Exercise
Scan the entries below for "Section" and copy each line that holds it.

Records shown

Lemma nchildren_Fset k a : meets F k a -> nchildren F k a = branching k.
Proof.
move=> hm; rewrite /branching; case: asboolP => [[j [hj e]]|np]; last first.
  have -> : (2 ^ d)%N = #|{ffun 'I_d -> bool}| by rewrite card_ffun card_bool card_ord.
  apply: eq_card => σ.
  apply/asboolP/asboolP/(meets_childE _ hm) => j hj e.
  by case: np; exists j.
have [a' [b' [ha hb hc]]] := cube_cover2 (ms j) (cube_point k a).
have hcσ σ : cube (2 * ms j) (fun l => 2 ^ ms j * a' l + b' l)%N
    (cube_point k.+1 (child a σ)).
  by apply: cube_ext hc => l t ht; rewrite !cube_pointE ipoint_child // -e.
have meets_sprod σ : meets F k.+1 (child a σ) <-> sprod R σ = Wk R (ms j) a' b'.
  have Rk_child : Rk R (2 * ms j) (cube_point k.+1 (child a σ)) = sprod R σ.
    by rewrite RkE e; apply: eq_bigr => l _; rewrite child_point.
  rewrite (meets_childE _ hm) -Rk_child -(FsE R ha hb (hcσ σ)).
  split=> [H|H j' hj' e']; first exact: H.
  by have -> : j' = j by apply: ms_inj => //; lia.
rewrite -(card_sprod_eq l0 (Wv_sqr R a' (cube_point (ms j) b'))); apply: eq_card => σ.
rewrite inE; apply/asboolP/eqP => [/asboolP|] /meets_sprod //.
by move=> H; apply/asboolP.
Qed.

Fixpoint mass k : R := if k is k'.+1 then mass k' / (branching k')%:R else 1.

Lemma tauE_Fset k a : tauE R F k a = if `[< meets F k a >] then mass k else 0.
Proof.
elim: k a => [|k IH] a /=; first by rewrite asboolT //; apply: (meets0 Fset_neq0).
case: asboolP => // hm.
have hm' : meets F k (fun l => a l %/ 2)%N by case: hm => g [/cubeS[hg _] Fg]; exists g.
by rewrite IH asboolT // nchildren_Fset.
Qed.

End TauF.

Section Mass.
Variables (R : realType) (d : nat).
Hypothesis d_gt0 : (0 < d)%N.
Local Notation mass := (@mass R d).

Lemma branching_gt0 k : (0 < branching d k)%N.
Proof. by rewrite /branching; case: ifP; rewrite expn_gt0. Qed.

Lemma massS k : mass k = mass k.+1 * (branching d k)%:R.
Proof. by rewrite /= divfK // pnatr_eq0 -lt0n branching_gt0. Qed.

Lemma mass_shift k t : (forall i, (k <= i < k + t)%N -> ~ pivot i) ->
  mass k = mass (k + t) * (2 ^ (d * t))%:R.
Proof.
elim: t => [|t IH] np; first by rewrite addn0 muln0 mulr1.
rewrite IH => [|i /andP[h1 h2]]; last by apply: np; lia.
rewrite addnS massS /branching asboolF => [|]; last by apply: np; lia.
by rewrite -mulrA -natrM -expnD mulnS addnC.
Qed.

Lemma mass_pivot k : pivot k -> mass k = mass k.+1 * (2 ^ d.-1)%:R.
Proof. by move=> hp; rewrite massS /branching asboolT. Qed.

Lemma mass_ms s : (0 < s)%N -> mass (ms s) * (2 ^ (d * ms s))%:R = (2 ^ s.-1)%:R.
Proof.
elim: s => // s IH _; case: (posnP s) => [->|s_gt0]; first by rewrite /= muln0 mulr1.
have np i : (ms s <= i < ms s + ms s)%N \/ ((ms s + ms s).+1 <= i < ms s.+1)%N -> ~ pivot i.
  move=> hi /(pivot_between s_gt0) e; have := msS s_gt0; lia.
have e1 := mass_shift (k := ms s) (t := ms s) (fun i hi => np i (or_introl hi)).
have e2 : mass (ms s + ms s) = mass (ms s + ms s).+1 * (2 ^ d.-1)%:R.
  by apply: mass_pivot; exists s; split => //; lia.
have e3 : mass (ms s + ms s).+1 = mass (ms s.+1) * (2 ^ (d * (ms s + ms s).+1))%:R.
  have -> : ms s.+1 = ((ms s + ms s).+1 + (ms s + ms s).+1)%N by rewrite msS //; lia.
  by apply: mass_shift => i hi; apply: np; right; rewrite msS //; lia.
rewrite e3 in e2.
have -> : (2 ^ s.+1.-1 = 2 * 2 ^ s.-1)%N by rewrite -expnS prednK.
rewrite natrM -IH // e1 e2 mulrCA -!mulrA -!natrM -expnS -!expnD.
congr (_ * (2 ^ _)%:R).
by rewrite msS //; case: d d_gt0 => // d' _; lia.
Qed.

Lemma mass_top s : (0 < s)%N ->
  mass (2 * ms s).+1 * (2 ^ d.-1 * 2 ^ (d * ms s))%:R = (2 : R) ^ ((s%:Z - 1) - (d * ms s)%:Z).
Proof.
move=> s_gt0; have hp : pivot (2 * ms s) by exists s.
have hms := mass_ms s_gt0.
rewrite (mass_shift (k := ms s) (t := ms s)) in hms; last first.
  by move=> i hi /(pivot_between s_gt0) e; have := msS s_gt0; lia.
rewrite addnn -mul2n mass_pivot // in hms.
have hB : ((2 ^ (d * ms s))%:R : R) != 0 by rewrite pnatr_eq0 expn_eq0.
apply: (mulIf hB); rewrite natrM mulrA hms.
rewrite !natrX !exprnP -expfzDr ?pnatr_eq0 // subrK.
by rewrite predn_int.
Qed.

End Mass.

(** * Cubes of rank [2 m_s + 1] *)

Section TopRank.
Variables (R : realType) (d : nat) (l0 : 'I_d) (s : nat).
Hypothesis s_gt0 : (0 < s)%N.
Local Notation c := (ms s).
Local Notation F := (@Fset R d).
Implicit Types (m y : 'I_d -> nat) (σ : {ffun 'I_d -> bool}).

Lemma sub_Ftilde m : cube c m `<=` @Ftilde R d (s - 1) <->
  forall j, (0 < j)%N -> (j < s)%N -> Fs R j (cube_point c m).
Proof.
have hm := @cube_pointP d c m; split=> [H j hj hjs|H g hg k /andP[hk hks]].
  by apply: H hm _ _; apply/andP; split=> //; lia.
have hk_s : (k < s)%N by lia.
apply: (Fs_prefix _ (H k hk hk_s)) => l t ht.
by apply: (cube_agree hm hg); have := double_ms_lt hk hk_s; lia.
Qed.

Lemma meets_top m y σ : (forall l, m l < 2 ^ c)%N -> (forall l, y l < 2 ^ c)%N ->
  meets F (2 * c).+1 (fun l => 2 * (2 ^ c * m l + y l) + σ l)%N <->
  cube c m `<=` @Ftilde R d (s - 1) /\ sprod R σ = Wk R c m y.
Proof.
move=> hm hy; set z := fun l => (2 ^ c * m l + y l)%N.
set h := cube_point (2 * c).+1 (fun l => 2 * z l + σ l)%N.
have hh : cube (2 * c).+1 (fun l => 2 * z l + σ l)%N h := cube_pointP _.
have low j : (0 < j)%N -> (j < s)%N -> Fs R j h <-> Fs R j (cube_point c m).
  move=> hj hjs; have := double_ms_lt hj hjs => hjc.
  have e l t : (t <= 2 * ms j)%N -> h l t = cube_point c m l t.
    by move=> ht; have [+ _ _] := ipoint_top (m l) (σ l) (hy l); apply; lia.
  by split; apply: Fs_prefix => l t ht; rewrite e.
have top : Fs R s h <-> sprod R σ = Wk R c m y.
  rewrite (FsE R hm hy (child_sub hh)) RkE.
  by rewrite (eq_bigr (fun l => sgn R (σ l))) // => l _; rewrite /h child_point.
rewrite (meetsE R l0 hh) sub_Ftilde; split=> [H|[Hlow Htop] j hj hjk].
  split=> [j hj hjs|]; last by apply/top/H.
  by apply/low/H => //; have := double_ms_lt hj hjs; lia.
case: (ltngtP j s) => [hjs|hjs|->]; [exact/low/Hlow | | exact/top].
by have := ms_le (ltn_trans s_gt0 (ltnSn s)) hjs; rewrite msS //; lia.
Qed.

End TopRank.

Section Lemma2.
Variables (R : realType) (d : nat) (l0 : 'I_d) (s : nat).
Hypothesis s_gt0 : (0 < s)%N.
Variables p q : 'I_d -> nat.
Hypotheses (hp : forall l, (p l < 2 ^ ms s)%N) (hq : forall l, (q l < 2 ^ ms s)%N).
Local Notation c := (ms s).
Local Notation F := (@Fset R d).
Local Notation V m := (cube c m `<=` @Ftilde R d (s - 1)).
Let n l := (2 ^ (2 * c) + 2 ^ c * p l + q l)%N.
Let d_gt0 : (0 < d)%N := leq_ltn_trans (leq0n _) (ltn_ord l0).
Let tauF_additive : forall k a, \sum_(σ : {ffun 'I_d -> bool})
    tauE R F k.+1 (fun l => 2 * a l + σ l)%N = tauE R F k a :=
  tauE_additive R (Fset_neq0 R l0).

Finished exercise
Section Mass.
Section TopRank.
Section Lemma2.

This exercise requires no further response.